# CI Seitz hab door strut replacement



## Corkheader (Aug 25, 2008)

I have a CI Cipro with a Seitz hab door. This has a grey hydraulic damper fitted at the top connecting the door to the van body. 

I am on my second unit which has now failed with oil leaking into the door. 

Has anyone else here had the same failure and if so have you sourced an alternative replacement ? They seem to be an off the shelf part but I cant find any part numbers. 

Thanks

John


----------



## stevenjonathan (Jan 28, 2008)

Struts Direct - strutsdirect.co.uk - Part Number - SD02 - 200


----------



## cabby (May 14, 2005)

why do some of those leisure doors have those door struts.they are never strong enough to stop it slamming closed in the wind.

cabby


----------



## Corkheader (Aug 25, 2008)

Thanks for the part number will try to order tonight.

John


----------



## stevenjonathan (Jan 28, 2008)

They come in black not silver though but they are adjustable with the supplied allen key. You just let out the unwanted gas until the desired effect is achieved.
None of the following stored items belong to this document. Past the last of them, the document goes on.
(* Let $(a_k)_{k\ge 0}$ be a sequence of positive reals such that $a_{k+1}/a_k$ is strictly decreasing in $k$ and tends to $0$. Let $F(t)=\sum_{k\ge0}a_kt^k$ (an entire function) and consider the power series family of distributions $f(k;t)=a_kt^k/F(t)$, $k\ge 0$, with parameter $t\ge 0$. Let $\mu(t)=\sum_k k f(k;t)$ be the mean, $t_0:=0$ and $t_k:=a_{k-1}/a_k$ for $k\ge1$; let $m_+(t)$ be the leading mode of $f(\cdot;t)$, and for $k\ge0$ let $\ell(k)$ be the unique solution $t\ge0$ of $\mu(t)=k$. Then the family is cross modal if and only if, for every $t\ge 0$ such that $\mu(t)$ is an integer, $\mu(t)$ is a mode of $f(\cdot;t)$. Moreover this condition is equivalent to each of the following: (i) $t_k\le \ell(k)\le t_{k+1}$ for all $k\ge1$; (ii) $k-1\le \mu(t_k)\le k$ for all $k\ge1$; (iii) $\sup_{t\ge0}|\mu(t)-m_+(t)|\le 1$.
   Context: A mode of a probability function $g$ on $\{0,1,2,\dots\}$ is any $k$ with $g(k)=\max_j g(j)$. The leading mode $m_+$ of a log-concave probability function $g$ (extended by $g(-1)=0$) is the unique integer $k$ with $g(k-1)\le g(k)>g(k+1)$. The mean $\mu(t)$ is continuous and strictly increasing from $\mu(0)=0$ to $\infty$, so $\ell(k)$ is well defined. The family $\{f(\cdot;t):t\ge0\}$ is called cross modal if for every $k\ge0$ the likelihood $t\mapsto f(k;t)$ attains its maximum on $[0,\infty)$ and for every maximiser $t_0$ of it, $k$ is a mode of $f(\cdot;t_0)$. *)

From Stdlib Require Import Reals.
From Coquelicot Require Import Coquelicot.
Open Scope R_scope.

Definition PSF (a : nat -> R) (t : R) : R := Series (fun k => a k * t ^ k).

Definition pmf (a : nat -> R) (t : R) (k : nat) : R := a k * t ^ k / PSF a t.

Definition mean (a : nat -> R) (t : R) : R := Series (fun k => INR k * pmf a t k).

Definition is_mode (g : nat -> R) (k : nat) : Prop := forall j : nat, g j <= g k.

Definition is_leading_mode (g : nat -> R) (k : nat) : Prop :=
  (match k with O => 0 | S k' => g k' end) <= g k /\ g (S k) < g k.

Definition cross_modal (f : R -> nat -> R) : Prop :=
  forall k : nat,
    (exists t0, 0 <= t0 /\ forall t, 0 <= t -> f t k <= f t0 k) /\
    (forall t0, 0 <= t0 -> (forall t, 0 <= t -> f t k <= f t0 k) ->
       is_mode (f t0) k).

Definition tk (a : nat -> R) (k : nat) : R :=
  match k with O => 0 | S k' => a k' / a k end.

From Stdlib Require Import Reals Lra Lia.
From Coquelicot Require Import Coquelicot.
Open Scope R_scope.

(* Since f(k+1;t) - f(k;t) has the sign of t - t_(k+1) and the t_k increase, f(.;t) rises up
   to the k with t_k <= t and falls afterwards: its modes are the k with t_k <= t <= t_(k+1),
   its leading mode the k with t_k <= t < t_(k+1).  Jensen's inequality for exp shows that
   ln F(e^x) lies strictly above its tangent lines, whose slopes are mu(e^x).  Hence mu is
   strictly increasing and unbounded, so, being continuous, it takes each integer value k at a
   unique ell(k), where the likelihood a_k t^k / F(t) is uniquely maximal.  Each condition then
   compares the level sets of mu with the intervals [t_k, t_(k+1)], and monotonicity of mu
   transports one into another. *)

Lemma Series_ge_term (h : nat -> R) (j : nat) :
  ex_series h -> (forall n, 0 <= h n) -> h j <= Series h.
Proof.
  intros Hex Hnn.
  rewrite (Series_incr_n h (S j)) by (lia || assumption); simpl pred.
  assert (Htail : 0 <= Series (fun k => h (S j + k)%nat)).
  { rewrite <- (Rmult_0_l (Series h)), <- Series_scal_l.
    apply Series_le; [intros n; rewrite Rmult_0_l; split; [lra | apply Hnn] |].
    now apply (ex_series_incr_n h (S j)). }
  assert (Hpartial : h j <= sum_f_R0 h j).
  { destruct j as [|j]; simpl; [lra |].
    assert (0 <= sum_f_R0 h j) by (apply cond_pos_sum; exact Hnn). lra. }
  lra.
Qed.

Lemma jensen_exp_strict (p : nat -> R) (L : R) :
  (forall k, 0 <= p k) -> ex_series p -> Series p = 1 ->
  ex_series (fun k => INR k * p k) ->
  ex_series (fun k => p k * exp (INR k * L)) -> L <> 0 ->
  (exists j, 0 < p j /\ INR j <> Series (fun k => INR k * p k)) ->
  exp (Series (fun k => INR k * p k) * L) < Series (fun k => p k * exp (INR k * L)).
Proof.
  intros Hnn Hp Hsum Hm He HL [j [Hj Hjmu]].
  set (mu := Series (fun k => INR k * p k)) in *.
  set (gap := fun k => p k * exp (INR k * L)
                      - (exp (mu * L) * (1 - mu * L) * p k + exp (mu * L) * L * (INR k * p k))).
  assert (Hgap : forall k, gap k = p k * exp (mu * L)
                                   * (exp ((INR k - mu) * L) - (1 + (INR k - mu) * L))).
  { intros k. unfold gap. replace (INR k * L) with (mu * L + (INR k - mu) * L) by ring.
    rewrite exp_plus. ring. }
  assert (Hex1 := ex_series_scal_l (exp (mu * L) * (1 - mu * L)) p Hp).
  assert (Hex2 := ex_series_scal_l (exp (mu * L) * L) _ Hm).
  assert (Hsum_gap : Series gap = Series (fun k => p k * exp (INR k * L)) - exp (mu * L)).
  { unfold gap. rewrite Series_minus, Series_plus, !Series_scal_l; auto.
    - fold mu. rewrite Hsum. ring.
    - now apply (ex_series_plus _ _ Hex1 Hex2). }
  assert (Hpos : 0 < Series gap).
  { apply Rlt_le_trans with (gap j).
    - rewrite Hgap. apply Rmult_lt_0_compat; [apply Rmult_lt_0_compat; [exact Hj | apply exp_pos] |].
      assert (Hne : (INR j - mu) * L <> 0) by (apply Rmult_integral_contrapositive; split; lra).
      pose proof (exp_ineq1 _ Hne). lra.
    - apply Series_ge_term.
      + eapply ex_series_ext; [| apply (ex_series_minus _ _ He (ex_series_plus _ _ Hex1 Hex2))].
        intros k; reflexivity.
      + intros k. rewrite Hgap. apply Rmult_le_pos; [apply Rmult_le_pos; [apply Hnn | apply Rlt_le, exp_pos] |].
        pose proof (exp_ineq1_le ((INR k - mu) * L)). lra. }
  lra.
Qed.

Lemma is_mode_of_unimodal (u : nat -> R) (k : nat) :
  (forall j, (j < k)%nat -> u j <= u (S j)) ->
  (forall j, (k <= j)%nat -> u (S j) <= u j) -> is_mode u k.
Proof.
  intros Hup Hdown j. destruct (Nat.le_gt_cases j k) as [Hjk | Hkj].
  - replace k with (j + (k - j))%nat by lia.
    assert (Hjk' : (j + (k - j) <= k)%nat) by lia. revert Hjk'.
    induction (k - j)%nat as [|d IH]; intros Hd; rewrite ?Nat.add_0_r; [apply Rle_refl |].
    rewrite Nat.add_succ_r. pose proof (Hup (j + d)%nat ltac:(lia)). pose proof (IH ltac:(lia)). lra.
  - induction Hkj as [| j Hj IH]; [apply Hdown, le_n |].
    pose proof (Hdown j ltac:(lia)). lra.
Qed.

Section PowerSeriesFamily.

Variable a : nat -> R.
Hypothesis a_pos : forall k, 0 < a k.
Hypothesis ratio_decr : forall k, a (S (S k)) / a (S k) < a (S k) / a k.
Hypothesis ratio_lim : is_lim_seq (fun k => a (S k) / a k) 0.

Definition term (t : R) (k : nat) : R := a k * t ^ k.

Lemma CV_radius_coef : CV_radius a = p_infty.
Proof.
  apply CV_radius_infinite_DAlembert; [intros n; pose proof (a_pos n); lra |].
  eapply is_lim_seq_ext; [| exact ratio_lim]. intros n.
  rewrite Rabs_right; [reflexivity |]. apply Rle_ge, Rlt_le, Rdiv_lt_0_compat; apply a_pos.
Qed.

Lemma CV_radius_weighted_coef : CV_radius (fun k => INR k * a k) = p_infty.
Proof.
  rewrite <- CV_radius_coef, <- (CV_radius_derive a), <- (CV_radius_incr_1 (PS_derive a)).
  apply CV_radius_ext. intros [|n]; [apply Rmult_0_l | reflexivity].
Qed.

Lemma ex_series_term (t : R) : ex_series (term t).
Proof.
  apply ex_pseries_R, CV_radius_inside. now rewrite CV_radius_coef.
Qed.
(* Let $A,B,B'$ be clusterings of $\{1,\dots,n\}$. Then $B'$ is an $A$-consistent improvement of $B$ if and only if $B'\neq B$ and $B'$ can be obtained from $B$ by a finite sequence of perfect splits and perfect merges (each taken with respect to $A$).
   Context: A clustering of $\{1,\dots,n\}$ is a partition into nonempty disjoint clusters. A pair of distinct elements is an intra-cluster pair of a clustering if both lie in the same cluster, and an inter-cluster pair otherwise. A pair agrees in clusterings $A$ and $B$ if it is intra-cluster in both or inter-cluster in both. $B'$ is an $A$-consistent improvement of $B$ if $B\neq B'$ and every pair of elements that agrees in $A$ and $B$ also agrees in $A$ and $B'$. $B'$ is a perfect split of $B$ (w.r.t. $A$) if $B'$ is obtained from $B$ by splitting one cluster $B_1$ into two nonempty clusters $B_1',B_2'$ such that for every cluster $A_i$ of $A$, $A_i\cap B_1$ is contained in $B_1'$ or in $B_2'$. $B'$ is a perfect merge of $B$ (w.r.t. $A$) if there is a cluster $A_i$ of $A$ and two distinct clusters $B_1,B_2\subseteq A_i$ of $B$ such that $B'$ is obtained from $B$ by merging $B_1$ and $B_2$ into one cluster. *)

(* Elements {1..n} are represented by 'I_n. *)
From HB Require Import structures.
From Stdlib Require Import Relations.
From mathcomp Require Import all_boot.
Set Implicit Arguments. Unset Strict Implicit. Unset Printing Implicit Defensive.

Definition clustering (n : nat) (P : {set {set 'I_n}}) : bool :=
  partition P [set: 'I_n].

Definition intra (n : nat) (P : {set {set 'I_n}}) (x y : 'I_n) : bool :=
  [exists C in P, (x \in C) && (y \in C)].

Definition agrees (n : nat) (A B : {set {set 'I_n}}) (x y : 'I_n) : bool :=
  intra A x y == intra B x y.

Definition consistent_improvement (n : nat) (A B B' : {set {set 'I_n}}) : Prop :=
  B != B' /\
  forall x y : 'I_n, x != y -> agrees A B x y -> agrees A B' x y.

Definition perfect_split (n : nat) (A B B' : {set {set 'I_n}}) : Prop :=
  exists B1 B1' B2' : {set 'I_n},
    [/\ B1 \in B, (B1' != set0) && (B2' != set0),
        [disjoint B1' & B2'] && (B1' :|: B2' == B1),
        B' = B1' |: (B2' |: (B :\ B1)) &
        forall Ai, Ai \in A -> (Ai :&: B1 \subset B1') || (Ai :&: B1 \subset B2')].

Definition perfect_merge (n : nat) (A B B' : {set {set 'I_n}}) : Prop :=
  exists Ai B1 B2 : {set 'I_n},
    [/\ Ai \in A, (B1 \in B) && (B2 \in B), B1 != B2,
        (B1 \subset Ai) && (B2 \subset Ai) &
        B' = (B1 :|: B2) |: ((B :\ B1) :\ B2)].

Definition perfect_step (n : nat) (A : {set {set 'I_n}}) : relation {set {set 'I_n}} :=
  fun B B' => perfect_split A B B' \/ perfect_merge A B B'.

From Stdlib Require Import Relations.
From mathcomp Require Import all_boot.
Set Implicit Arguments. Unset Strict Implicit. Unset Printing Implicit Defensive.

(* Consistency with A only constrains pairs on which A and B agree, so B may be
   moved towards B' one perfect step at a time, each step fixing at least one
   pair on which B and B' disagree while keeping all pairs on which they agree.
   If some pair is together in B but apart in B', split the B-cluster X of x
   along the B'-cluster Y of x: the split is perfect because two elements of
   one A-cluster in X are together in B, hence, by consistency, together in
   B', so both lie in Y or both outside it.  Otherwise B refines B' and some
   pair x, y is apart in B but together in B'; by consistency every such pair
   is together in A, so the B-clusters of x and y lie in the A-cluster of x and
   merging them is perfect.  Conversely, a perfect step never breaks a pair on
   which A and B agree. *)


Section PartitionSurgery.
Variable T : finType.
Implicit Types (P : {set {set T}}) (D X Z : {set T}).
I have no worries now about letting the door go and letting it open itself. :wink:


----------



## Corkheader (Aug 25, 2008)

*Update*

Steven -

Thanks for the details, ordered the part and fitted it, quick adjustment and it works a treat. Good value at under half the price of the Seitz unit. It looks to be better made too.

Struts Direct were very helpful can recommend them.

John


----------



## stevenjonathan (Jan 28, 2008)

Actually it's Jonathan! Steven with anything technical - forget it!!!!!
:lol: 
Glad I could be of assistance...

J


----------